My non-medical not a medical professional opinion: How we view mental and physical health depends a lot on cultural norms. For example, we now accept, rightly so, that being homosexual is not a mental illness. People are genetically predisposed to be attracted to the same or opposite sex. It's finally considered "normal" by most intelligent people because we collectively decided that the biomedical evidence speaks for itself. People are predisposed to preferring their right or left hand - it is no longer a sinful defect. It was - when society could not accept the difference. The same with being homosexual. When it was considered an illness more people felt stigmatized and internalized the stigma due to social pressure to be "normal" and still do in places where they do not feel accepted. That definition of normal was arbitrary and thr experience of not being "normal" was traumatic. If someone has other genetic or biological predispositions, such as mental illness - why is that considered "illness" to be fixed as opposed to a quality to be accepted and society to adapt to (within reason)?The only condition that concerns us is the extremes that lead to self harm or harm to others - those require medical attention. Eccentricities, irregularities, need not amount to illness. What if we looked at mental illness much the same way? If the social pressure was off, to live up to an elusive set of norms, would that ease the internal stigma the person feels and pressure to "get better" ASAP in order to fit those norms? To just be able to be as they are without external judgment? I think so. And as a result they might just feel a whole lot better, faster.

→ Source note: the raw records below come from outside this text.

(* Let $C$ be a choice function. Then $C$ is consistent if and only if $\emptyset\notin\mathrm{Ex}(\mathcal{A}_C)$. Moreover, if $C$ is consistent, then $C_{\mathrm{Ex}(\mathcal{A}_C)}(A)=\mathrm{Ex}(C)(A)$ for all $A\in\mathscr{Q}$.
   Context: Let $\mathcal{X}$ be a nonempty set and let $\mathscr{V}$ be the real vector space of all functions $u:\mathcal{X}\to\mathbb{R}$ (options), with pointwise operations. For $u,v\in\mathscr{V}$, $u\le v$ iff $u(x)\le v(x)$ for all $x\in\mathcal{X}$, and $u<v$ iff $u\le v$ and $u\neq v$. Let $\mathscr{V}_{>0}=\{u\in\mathscr{V}:0<u\}$ and $\mathscr{V}^s_{>0}=\{\{u\}:u\in\mathscr{V}_{>0}\}$. Let $\mathscr{Q}$ be the set of all finite subsets of $\mathscr{V}$ (including $\emptyset$). For $A\in\mathscr{Q}$ and $u\in\mathscr{V}$, $A-u=\{v-u:v\in A\}$. For a positive integer $n$, $\mathbb{R}^{n,+}=\{\boldsymbol\lambda\in\mathbb{R}^n:\lambda_j\ge0\ \forall j,\ \sum_j\lambda_j>0\}$, and for $\boldsymbol\lambda\in\mathbb{R}^n$, $\mathbf u=(u_1,\dots,u_n)\in\mathscr{V}^n$, $\boldsymbol\lambda\mathbf u=\sum_{j=1}^n\lambda_ju_j$. A choice function is a map $C:\mathscr{Q}\to\mathscr{Q}$ with $C(A)\subseteq A$ for all $A$; its rejection function is $R_C(A)=A\setminus C(A)$, and $K_C=\{A\in\mathscr{Q}:0\notin C(A\cup\{0\})\}$. $C$ is coherent if: (C0) $C(A)\neq\emptyset$ for all nonempty $A\in\mathscr{Q}$; (C1) for all $A\in\mathscr{Q}$ and $u\in A$: $u\in C(A)\iff 0\in C(A-u)$; (C2) $\{u\}\in K_C$ for all $u\in\mathscr{V}_{>0}$; (C3) for all $A,B\in K_C$ and all maps $\boldsymbol\lambda:A\times B\to\mathbb{R}^{2,+}$, $\{\boldsymbol\lambda(\mathbf u)\mathbf u:\mathbf u\in A\times B\}\in K_C$; (C4) $A\subseteq B\Rightarrow R_C(A)\subseteq R_C(B)$ for all $A,B\in\mathscr{Q}$. $\mathcal{C}$ denotes the set of coherent choice functions. For a choice function $C$, $\mathcal C_C=\{C'\in\mathcal C: C'(A)\subseteq C(A)\text{ for all }A\in\mathscr{Q}\}$; $C$ is called consistent if $\mathcal C_C\neq\emptyset$; and $\mathrm{Ex}(C)(A)=\bigcup_{C'\in\mathcal C_C}C'(A)$ for all $A\in\mathscr{Q}$ (an empty union being $\emptyset$). A set of desirable option sets is any $K\subseteq\mathscr{Q}$. It is coherent if for all $A,B\in K$: (K0) $A\setminus\{0\}\in K$; (K1) $\{0\}\notin K$; (K2) $\mathscr{V}^s_{>0}\subseteq K$; (K3) $\{\boldsymbol\lambda(\mathbf u)\mathbf u:\mathbf u\in A\times B\}\in K$ for every map $\boldsymbol\lambda:A\times B\to\mathbb{R}^{2,+}$; (K4) $A\cup Q\in K$ for all $Q\in\mathscr{Q}$. $\bar{\mathbf K}$ denotes the set of coherent sets of desirable option sets. For $K\subseteq\mathscr{Q}$, the choice function $C_K$ is defined by $C_K(A)=\{u\in A:(A-u)\setminus\{0\}\notin K\}$. An assessment is any subset $\mathcal{A}\subseteq\mathscr{Q}$. Let $\bar{\mathbf K}(\mathcal A)=\{K\in\bar{\mathbf K}:\mathcal A\subseteq K\}$ and $\mathrm{Ex}(\mathcal A)=\bigcap\bar{\mathbf K}(\mathcal A)$, with the convention $\bigcap\emptyset=\mathscr{Q}$. For a choice function $C$, $\mathcal A_C=\{C(A)-u:A\in\mathscr{Q},\ u\in R_C(A)\}$. *)

From Stdlib Require Import Reals List.
Open Scope R_scope.

Section Defs.
Variable X : Type.

Definition V := X -> R.
Definition vzero : V := fun _ => 0.
Definition vsub (u v : V) : V := fun x => u x - v x.
Definition vlc (a : R) (u : V) (b : R) (w : V) : V := fun x => a * u x + b * w x.

Definition vle (u v : V) : Prop := forall x, u x <= v x.
Definition vlt (u v : V) : Prop := vle u v /\ u <> v.
Definition Vpos (u : V) : Prop := vlt vzero u.

(* option sets; Q = finite option sets *)
Definition oset := V -> Prop.
Definition finite_oset (A : oset) : Prop := exists l : list V, forall v, A v <-> In v l.
Definition subset (A B : oset) : Prop := forall v, A v -> B v.
Definition single (u : V) : oset := fun v => v = u.
Definition setU (A B : oset) : oset := fun v => A v \/ B v.
Definition setD (A B : oset) : oset := fun v => A v /\ ~ B v.
Definition shift (A : oset) (u : V) : oset := fun w => exists v, A v /\ w = vsub v u.
Definition empty_oset : oset := fun _ => False.
Definition nonempty (A : oset) : Prop := exists v, A v.

Definition R2plus (a b : R) : Prop := 0 <= a /\ 0 <= b /\ 0 < a + b.

(* {lambda(u) u : u in A x B}, lambda given by two real coordinate maps *)
Definition combo (A B : oset) (l1 l2 : V -> V -> R) : oset :=
  fun w => exists u v, A u /\ B v /\ w = vlc (l1 u v) u (l2 u v) v.

(* choice functions: only their values on Q matter *)
Definition choice_fun (C : oset -> oset) : Prop :=
  forall A, finite_oset A -> subset (C A) A.
Definition rej (C : oset -> oset) (A : oset) : oset := setD A (C A).
Definition KC (C : oset -> oset) (A : oset) : Prop :=
  finite_oset A /\ ~ C (setU A (single vzero)) vzero.

Definition coherent_choice (C : oset -> oset) : Prop :=
  choice_fun C /\
  (* C0 *) (forall A, finite_oset A -> nonempty A -> nonempty (C A)) /\
  (* C1 *) (forall A u, finite_oset A -> A u -> (C A u <-> C (shift A u) vzero)) /\
  (* C2 *) (forall u, Vpos u -> KC C (single u)) /\
  (* C3 *) (forall A B (l1 l2 : V -> V -> R), KC C A -> KC C B ->
              (forall u v, A u -> B v -> R2plus (l1 u v) (l2 u v)) ->
              KC C (combo A B l1 l2)) /\
  (* C4 *) (forall A B, finite_oset A -> finite_oset B -> subset A B ->
              subset (rej C A) (rej C B)).

Definition dominated (C' C : oset -> oset) : Prop :=
  forall A, finite_oset A -> subset (C' A) (C A).
Definition consistent (C : oset -> oset) : Prop :=
  exists C', coherent_choice C' /\ dominated C' C.
Definition ExC (C : oset -> oset) (A : oset) : oset :=
  fun u => exists C', coherent_choice C' /\ dominated C' C /\ C' A u.

Definition sdos := oset -> Prop.
Definition coherent_K (K : sdos) : Prop :=
  (forall A, K A -> finite_oset A) /\
  (* K0 *) (forall A, K A -> K (setD A (single vzero))) /\
  (* K1 *) ~ K (single vzero) /\
  (* K2 *) (forall u, Vpos u -> K (single u)) /\
  (* K3 *) (forall A B (l1 l2 : V -> V -> R), K A -> K B ->
              (forall u v, A u -> B v -> R2plus (l1 u v) (l2 u v)) ->
              K (combo A B l1 l2)) /\
  (* K4 *) (forall A Q, K A -> finite_oset Q -> K (setU A Q)).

What about illness that lead to harm to the individual that don't fall under self harm? Why should that be seen as different from other illnesses? Bring this back to my original post, are they really all that different?
 
Well a person - an adult - should have a choice in how they treat the illness. And hopefully they make an informed and reasonable decision. As for physical illness and people telling you what to do? Educate them about your circumstances, but tell them to buzz off for awhile if you have to -you're dealing with it the way you need to deal with it. My mom does it to me all the time. Quite honestly, I tell her to buzz off and I find people I can talk to who attempt to understand. If they walked a mile in your shoes they might not say those things - and my mom's known me all my life. She just always needs to take control and fix what's wrong right now rather than listen and go through things patiently - she's uncomfortable with others' discomfort - so she says inconsiderate things. That's quite common.Sometimes you have to find people in your corner who will advocate for you and block out the opinions of the people making you feel bad if they can't understand. As for an employer, maybe I wouldn't tell them to " buzz off" but know your rights.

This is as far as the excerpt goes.